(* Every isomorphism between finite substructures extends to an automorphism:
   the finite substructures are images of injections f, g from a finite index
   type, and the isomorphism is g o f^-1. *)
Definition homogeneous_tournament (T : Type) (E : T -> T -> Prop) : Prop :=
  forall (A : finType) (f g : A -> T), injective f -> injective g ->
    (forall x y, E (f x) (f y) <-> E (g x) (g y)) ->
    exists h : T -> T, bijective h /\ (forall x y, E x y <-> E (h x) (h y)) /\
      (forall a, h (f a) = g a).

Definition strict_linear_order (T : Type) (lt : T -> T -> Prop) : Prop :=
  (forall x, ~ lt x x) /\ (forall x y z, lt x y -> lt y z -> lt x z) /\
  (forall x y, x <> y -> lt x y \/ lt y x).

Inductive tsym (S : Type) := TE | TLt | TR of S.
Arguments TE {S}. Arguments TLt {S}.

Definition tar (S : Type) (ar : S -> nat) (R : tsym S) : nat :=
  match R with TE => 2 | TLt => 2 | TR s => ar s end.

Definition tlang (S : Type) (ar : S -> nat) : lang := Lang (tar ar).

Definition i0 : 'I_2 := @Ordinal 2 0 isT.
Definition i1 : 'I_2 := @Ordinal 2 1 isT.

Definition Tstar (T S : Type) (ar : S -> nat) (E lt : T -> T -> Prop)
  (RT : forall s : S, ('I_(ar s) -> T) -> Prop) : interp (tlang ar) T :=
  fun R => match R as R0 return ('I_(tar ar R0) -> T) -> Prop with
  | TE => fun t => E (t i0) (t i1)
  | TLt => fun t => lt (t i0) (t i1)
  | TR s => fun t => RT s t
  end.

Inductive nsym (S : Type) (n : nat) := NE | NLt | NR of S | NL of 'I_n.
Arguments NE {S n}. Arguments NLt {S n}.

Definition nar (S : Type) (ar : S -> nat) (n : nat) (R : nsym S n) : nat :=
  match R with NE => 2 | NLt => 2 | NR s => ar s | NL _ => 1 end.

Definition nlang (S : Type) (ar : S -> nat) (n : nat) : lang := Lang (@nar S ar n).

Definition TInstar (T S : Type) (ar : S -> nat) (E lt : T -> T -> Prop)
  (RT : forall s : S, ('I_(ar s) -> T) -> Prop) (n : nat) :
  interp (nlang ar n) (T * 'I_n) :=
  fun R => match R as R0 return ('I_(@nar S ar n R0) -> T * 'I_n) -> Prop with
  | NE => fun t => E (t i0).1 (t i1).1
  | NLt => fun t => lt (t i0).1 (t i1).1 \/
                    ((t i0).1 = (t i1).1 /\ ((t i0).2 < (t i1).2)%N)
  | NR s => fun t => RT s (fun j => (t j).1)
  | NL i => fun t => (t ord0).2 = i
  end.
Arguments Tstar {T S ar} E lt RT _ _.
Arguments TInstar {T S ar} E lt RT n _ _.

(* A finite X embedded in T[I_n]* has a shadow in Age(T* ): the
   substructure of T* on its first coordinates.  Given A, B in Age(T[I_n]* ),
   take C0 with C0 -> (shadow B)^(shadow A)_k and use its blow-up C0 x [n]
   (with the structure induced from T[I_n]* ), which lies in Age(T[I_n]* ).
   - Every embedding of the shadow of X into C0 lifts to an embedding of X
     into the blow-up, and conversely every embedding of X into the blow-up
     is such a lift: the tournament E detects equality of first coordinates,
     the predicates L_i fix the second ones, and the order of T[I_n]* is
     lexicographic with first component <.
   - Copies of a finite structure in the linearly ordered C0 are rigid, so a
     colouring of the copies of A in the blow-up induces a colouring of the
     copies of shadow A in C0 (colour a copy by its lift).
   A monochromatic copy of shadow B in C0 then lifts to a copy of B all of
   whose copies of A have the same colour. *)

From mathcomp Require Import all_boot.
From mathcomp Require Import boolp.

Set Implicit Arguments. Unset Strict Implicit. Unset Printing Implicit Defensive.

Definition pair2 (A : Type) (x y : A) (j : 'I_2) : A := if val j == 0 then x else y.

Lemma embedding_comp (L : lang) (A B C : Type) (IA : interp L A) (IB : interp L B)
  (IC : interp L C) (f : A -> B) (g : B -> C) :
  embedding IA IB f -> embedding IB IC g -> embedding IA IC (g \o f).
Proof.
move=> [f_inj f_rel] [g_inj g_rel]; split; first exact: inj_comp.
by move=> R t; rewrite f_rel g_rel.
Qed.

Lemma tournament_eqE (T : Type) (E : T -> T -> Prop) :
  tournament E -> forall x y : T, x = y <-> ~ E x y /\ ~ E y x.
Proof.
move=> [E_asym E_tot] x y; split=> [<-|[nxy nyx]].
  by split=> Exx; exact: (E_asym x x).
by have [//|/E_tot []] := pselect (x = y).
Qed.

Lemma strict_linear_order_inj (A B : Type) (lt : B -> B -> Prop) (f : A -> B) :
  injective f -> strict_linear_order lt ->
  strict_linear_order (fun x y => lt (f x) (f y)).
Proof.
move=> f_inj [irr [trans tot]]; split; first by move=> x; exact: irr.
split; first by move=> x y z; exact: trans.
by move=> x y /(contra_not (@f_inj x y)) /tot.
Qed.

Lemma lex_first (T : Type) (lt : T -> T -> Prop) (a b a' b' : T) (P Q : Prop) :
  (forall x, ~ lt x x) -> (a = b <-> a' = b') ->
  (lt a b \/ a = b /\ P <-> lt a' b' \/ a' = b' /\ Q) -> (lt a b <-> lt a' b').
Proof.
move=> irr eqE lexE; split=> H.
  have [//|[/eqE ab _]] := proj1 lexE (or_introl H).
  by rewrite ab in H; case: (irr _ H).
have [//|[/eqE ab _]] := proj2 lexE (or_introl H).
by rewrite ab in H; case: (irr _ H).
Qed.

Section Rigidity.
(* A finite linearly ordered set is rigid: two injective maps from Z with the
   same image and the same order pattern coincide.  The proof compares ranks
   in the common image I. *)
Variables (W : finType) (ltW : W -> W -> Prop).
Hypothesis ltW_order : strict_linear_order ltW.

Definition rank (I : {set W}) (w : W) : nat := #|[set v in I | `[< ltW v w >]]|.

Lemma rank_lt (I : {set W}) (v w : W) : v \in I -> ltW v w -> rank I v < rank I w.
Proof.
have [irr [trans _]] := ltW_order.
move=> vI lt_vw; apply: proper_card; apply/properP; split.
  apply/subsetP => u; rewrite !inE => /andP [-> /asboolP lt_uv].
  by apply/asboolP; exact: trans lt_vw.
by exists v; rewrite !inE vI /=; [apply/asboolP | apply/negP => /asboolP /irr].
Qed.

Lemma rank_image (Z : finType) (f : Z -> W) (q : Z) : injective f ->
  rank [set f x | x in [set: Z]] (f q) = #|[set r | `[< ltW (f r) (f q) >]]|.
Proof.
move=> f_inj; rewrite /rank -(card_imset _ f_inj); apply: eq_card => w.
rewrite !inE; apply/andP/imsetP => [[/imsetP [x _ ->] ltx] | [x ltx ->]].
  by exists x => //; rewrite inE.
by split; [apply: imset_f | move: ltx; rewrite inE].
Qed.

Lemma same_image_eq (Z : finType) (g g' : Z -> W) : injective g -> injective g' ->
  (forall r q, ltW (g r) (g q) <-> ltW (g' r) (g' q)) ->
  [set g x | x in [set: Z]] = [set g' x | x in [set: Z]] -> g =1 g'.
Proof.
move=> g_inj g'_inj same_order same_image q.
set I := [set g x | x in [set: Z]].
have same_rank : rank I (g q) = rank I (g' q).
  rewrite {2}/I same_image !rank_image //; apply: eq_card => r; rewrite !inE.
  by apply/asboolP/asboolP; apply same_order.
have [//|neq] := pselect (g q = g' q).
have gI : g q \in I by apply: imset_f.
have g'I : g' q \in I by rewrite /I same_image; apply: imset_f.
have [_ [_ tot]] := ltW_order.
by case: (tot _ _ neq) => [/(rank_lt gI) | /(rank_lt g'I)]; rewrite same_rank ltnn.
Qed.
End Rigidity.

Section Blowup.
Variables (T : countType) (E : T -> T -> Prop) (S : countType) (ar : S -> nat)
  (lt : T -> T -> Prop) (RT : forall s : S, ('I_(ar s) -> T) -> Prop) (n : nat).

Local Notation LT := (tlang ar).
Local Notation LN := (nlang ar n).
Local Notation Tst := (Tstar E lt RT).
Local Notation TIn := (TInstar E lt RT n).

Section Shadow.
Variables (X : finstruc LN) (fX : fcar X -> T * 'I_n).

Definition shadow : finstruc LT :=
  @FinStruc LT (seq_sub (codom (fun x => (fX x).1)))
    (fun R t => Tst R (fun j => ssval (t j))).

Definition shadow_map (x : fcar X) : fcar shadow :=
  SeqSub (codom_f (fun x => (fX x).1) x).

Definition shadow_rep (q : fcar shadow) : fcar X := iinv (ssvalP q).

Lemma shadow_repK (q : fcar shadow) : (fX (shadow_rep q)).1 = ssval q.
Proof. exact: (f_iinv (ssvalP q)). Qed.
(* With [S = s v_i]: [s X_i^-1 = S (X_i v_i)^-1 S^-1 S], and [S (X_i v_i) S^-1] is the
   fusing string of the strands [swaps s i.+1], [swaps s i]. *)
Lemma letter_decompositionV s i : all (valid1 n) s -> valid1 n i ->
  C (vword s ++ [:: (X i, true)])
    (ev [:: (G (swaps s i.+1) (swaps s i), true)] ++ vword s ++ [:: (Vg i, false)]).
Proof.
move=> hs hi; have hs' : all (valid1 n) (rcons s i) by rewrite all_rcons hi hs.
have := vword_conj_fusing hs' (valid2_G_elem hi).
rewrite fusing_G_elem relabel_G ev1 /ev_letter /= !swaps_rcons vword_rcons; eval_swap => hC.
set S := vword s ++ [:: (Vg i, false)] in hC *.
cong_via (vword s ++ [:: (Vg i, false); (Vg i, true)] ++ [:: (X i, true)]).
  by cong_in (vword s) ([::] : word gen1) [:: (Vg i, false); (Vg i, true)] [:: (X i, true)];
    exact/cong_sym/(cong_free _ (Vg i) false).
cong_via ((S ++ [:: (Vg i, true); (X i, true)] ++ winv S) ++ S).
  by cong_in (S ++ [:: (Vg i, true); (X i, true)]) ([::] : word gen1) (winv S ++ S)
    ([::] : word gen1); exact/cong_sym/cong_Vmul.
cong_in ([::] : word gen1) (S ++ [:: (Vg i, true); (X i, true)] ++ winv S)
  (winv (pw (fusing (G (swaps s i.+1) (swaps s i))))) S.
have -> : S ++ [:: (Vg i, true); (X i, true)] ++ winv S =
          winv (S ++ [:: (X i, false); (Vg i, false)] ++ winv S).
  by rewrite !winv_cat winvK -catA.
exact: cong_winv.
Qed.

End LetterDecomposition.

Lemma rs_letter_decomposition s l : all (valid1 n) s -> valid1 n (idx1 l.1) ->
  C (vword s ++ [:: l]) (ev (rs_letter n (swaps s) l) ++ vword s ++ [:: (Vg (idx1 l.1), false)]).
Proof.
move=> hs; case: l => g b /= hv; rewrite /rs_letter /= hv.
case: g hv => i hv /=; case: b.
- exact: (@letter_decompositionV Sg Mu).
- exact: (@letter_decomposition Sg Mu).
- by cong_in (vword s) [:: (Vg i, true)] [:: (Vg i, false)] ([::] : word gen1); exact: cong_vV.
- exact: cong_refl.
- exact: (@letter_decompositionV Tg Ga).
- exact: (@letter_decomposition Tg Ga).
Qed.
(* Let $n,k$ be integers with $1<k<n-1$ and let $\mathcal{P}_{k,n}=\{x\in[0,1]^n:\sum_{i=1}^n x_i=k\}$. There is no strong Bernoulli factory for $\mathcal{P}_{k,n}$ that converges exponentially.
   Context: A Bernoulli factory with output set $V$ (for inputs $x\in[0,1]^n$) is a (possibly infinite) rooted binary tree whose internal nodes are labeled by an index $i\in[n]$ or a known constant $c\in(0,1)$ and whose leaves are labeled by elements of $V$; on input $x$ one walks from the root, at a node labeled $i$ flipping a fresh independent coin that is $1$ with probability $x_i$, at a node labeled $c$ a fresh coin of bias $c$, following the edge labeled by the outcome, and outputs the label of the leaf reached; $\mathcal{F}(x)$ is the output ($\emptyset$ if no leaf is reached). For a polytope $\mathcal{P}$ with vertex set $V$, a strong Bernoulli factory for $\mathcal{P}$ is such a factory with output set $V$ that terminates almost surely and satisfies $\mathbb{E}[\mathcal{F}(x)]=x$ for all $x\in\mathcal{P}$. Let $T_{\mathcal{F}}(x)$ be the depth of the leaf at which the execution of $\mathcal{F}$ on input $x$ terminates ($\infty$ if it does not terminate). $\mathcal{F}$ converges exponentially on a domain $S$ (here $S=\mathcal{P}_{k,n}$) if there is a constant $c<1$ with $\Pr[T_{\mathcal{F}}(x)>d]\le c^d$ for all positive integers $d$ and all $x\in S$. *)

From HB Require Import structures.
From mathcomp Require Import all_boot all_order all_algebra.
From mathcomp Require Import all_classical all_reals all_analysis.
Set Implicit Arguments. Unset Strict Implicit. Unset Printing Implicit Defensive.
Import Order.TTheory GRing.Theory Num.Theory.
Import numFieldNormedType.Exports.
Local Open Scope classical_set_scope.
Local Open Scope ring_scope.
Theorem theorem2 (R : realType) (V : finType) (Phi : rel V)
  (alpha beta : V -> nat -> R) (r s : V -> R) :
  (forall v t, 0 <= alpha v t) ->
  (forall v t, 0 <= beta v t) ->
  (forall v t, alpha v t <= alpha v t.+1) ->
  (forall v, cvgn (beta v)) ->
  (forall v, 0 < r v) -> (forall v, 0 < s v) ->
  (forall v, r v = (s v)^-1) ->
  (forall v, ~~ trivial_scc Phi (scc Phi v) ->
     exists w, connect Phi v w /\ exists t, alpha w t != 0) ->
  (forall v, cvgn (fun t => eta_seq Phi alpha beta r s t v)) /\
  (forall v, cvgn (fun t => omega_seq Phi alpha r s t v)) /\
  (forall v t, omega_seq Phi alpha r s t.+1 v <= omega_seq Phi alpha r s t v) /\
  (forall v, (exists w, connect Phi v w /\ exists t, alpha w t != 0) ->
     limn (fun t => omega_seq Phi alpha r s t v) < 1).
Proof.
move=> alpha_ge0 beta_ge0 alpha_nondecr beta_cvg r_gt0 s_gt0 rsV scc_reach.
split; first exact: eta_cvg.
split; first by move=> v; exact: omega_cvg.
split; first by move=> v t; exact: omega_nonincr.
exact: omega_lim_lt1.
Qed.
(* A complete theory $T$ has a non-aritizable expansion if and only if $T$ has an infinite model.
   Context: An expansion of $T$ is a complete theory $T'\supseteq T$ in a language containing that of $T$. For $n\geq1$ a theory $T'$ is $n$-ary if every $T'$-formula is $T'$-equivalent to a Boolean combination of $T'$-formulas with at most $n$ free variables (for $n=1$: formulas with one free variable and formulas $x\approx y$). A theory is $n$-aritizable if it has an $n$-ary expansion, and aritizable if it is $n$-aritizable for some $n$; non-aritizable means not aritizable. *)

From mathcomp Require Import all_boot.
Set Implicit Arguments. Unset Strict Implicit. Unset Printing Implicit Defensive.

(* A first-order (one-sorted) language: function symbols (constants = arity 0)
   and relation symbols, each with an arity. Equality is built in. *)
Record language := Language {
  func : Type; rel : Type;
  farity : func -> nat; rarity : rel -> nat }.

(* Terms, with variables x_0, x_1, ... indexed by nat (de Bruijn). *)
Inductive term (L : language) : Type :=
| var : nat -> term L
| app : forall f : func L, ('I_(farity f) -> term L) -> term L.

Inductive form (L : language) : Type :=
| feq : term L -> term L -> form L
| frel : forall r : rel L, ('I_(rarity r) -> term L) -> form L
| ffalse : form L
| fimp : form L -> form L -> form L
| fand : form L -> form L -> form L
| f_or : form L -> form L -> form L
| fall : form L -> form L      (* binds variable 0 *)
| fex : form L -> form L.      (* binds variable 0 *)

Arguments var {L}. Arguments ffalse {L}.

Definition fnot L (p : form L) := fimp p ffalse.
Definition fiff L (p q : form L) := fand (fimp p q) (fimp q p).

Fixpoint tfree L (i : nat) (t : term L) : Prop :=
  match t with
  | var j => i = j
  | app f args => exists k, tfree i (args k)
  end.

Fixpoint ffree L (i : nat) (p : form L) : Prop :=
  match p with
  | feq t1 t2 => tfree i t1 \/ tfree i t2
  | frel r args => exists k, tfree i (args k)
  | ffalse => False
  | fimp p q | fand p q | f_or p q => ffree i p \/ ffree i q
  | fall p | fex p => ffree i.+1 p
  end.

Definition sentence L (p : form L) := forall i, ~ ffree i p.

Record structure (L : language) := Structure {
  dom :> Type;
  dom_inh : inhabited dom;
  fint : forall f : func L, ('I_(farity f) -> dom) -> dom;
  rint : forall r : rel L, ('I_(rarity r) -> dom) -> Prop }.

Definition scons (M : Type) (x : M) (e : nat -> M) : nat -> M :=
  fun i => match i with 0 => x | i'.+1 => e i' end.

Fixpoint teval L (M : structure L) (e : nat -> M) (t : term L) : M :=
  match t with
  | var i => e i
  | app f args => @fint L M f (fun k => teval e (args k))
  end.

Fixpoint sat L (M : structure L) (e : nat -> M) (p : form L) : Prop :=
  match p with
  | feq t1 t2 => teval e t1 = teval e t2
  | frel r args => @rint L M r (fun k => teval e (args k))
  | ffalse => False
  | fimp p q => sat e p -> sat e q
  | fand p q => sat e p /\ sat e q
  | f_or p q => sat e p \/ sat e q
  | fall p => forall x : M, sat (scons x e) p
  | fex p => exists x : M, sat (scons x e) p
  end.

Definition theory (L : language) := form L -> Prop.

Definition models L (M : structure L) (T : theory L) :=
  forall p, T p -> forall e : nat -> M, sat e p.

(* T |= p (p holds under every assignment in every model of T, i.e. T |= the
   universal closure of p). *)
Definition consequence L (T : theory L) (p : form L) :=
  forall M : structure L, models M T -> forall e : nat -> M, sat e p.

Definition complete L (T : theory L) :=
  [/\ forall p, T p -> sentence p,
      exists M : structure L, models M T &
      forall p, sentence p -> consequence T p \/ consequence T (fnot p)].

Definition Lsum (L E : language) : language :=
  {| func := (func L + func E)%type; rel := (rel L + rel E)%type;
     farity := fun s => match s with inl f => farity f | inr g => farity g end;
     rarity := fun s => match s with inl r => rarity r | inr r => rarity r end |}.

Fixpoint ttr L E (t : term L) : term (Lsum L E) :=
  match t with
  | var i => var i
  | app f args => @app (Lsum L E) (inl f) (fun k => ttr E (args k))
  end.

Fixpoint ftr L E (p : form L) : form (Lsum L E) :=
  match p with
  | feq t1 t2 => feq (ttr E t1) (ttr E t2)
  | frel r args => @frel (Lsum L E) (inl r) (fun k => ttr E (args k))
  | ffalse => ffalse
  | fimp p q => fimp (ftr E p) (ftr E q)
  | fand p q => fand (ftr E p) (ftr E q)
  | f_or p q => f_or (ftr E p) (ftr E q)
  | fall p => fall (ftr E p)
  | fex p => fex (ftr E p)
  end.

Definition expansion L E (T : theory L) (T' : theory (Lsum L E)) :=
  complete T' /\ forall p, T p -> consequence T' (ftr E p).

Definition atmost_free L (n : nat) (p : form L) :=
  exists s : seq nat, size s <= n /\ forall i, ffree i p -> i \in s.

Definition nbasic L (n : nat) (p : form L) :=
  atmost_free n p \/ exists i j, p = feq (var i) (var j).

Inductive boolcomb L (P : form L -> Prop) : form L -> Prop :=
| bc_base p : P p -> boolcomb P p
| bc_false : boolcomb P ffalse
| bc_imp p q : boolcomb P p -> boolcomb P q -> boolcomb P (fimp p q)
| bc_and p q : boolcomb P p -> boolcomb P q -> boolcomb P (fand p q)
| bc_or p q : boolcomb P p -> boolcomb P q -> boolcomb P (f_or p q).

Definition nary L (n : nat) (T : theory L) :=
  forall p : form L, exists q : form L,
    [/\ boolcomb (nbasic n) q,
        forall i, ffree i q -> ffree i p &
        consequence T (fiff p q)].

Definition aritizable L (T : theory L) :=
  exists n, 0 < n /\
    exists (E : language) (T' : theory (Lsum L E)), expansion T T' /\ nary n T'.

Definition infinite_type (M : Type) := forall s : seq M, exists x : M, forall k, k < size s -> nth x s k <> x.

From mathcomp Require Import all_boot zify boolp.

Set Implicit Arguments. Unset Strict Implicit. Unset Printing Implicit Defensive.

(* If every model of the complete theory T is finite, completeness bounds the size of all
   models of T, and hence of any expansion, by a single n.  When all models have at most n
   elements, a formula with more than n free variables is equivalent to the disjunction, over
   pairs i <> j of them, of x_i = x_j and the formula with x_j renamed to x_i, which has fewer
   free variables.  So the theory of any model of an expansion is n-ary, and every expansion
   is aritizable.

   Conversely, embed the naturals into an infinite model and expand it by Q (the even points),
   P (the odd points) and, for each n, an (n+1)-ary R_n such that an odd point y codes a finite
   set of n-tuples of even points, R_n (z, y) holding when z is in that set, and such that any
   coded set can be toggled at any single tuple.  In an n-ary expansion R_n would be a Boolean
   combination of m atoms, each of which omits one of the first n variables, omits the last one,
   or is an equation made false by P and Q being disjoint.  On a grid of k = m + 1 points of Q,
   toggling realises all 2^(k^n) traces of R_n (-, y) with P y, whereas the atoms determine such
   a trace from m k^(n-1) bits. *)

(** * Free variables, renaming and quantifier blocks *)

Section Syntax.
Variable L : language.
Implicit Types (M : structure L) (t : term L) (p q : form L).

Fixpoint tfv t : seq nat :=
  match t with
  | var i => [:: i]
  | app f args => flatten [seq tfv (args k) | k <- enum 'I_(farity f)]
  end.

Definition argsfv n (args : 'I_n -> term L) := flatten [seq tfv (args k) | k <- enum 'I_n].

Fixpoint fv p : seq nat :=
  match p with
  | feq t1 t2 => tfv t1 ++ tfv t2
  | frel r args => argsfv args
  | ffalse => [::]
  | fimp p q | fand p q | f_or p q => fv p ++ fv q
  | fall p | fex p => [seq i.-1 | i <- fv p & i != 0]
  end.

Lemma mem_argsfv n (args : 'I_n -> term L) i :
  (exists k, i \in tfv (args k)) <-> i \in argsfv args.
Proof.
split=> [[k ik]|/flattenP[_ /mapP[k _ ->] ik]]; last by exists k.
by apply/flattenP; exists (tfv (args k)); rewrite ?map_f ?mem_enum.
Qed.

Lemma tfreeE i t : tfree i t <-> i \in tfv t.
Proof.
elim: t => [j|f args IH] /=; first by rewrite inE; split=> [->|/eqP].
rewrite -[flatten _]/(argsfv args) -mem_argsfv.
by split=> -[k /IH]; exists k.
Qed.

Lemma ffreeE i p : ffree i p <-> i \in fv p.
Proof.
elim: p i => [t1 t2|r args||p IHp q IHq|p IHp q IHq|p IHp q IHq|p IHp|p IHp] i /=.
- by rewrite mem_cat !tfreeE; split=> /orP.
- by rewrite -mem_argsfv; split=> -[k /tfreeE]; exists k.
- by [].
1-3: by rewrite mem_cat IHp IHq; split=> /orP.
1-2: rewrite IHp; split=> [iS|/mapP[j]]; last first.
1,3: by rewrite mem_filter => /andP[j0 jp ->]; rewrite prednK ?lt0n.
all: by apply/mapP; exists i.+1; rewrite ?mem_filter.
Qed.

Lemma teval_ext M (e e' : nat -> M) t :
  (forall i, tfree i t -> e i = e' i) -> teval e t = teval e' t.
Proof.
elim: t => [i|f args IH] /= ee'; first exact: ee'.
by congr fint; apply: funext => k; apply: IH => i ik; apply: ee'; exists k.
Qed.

● **Work item**: State how many lines in the data include the string "Inductive". Nothing else belongs in the reply.

● **Task output**: 5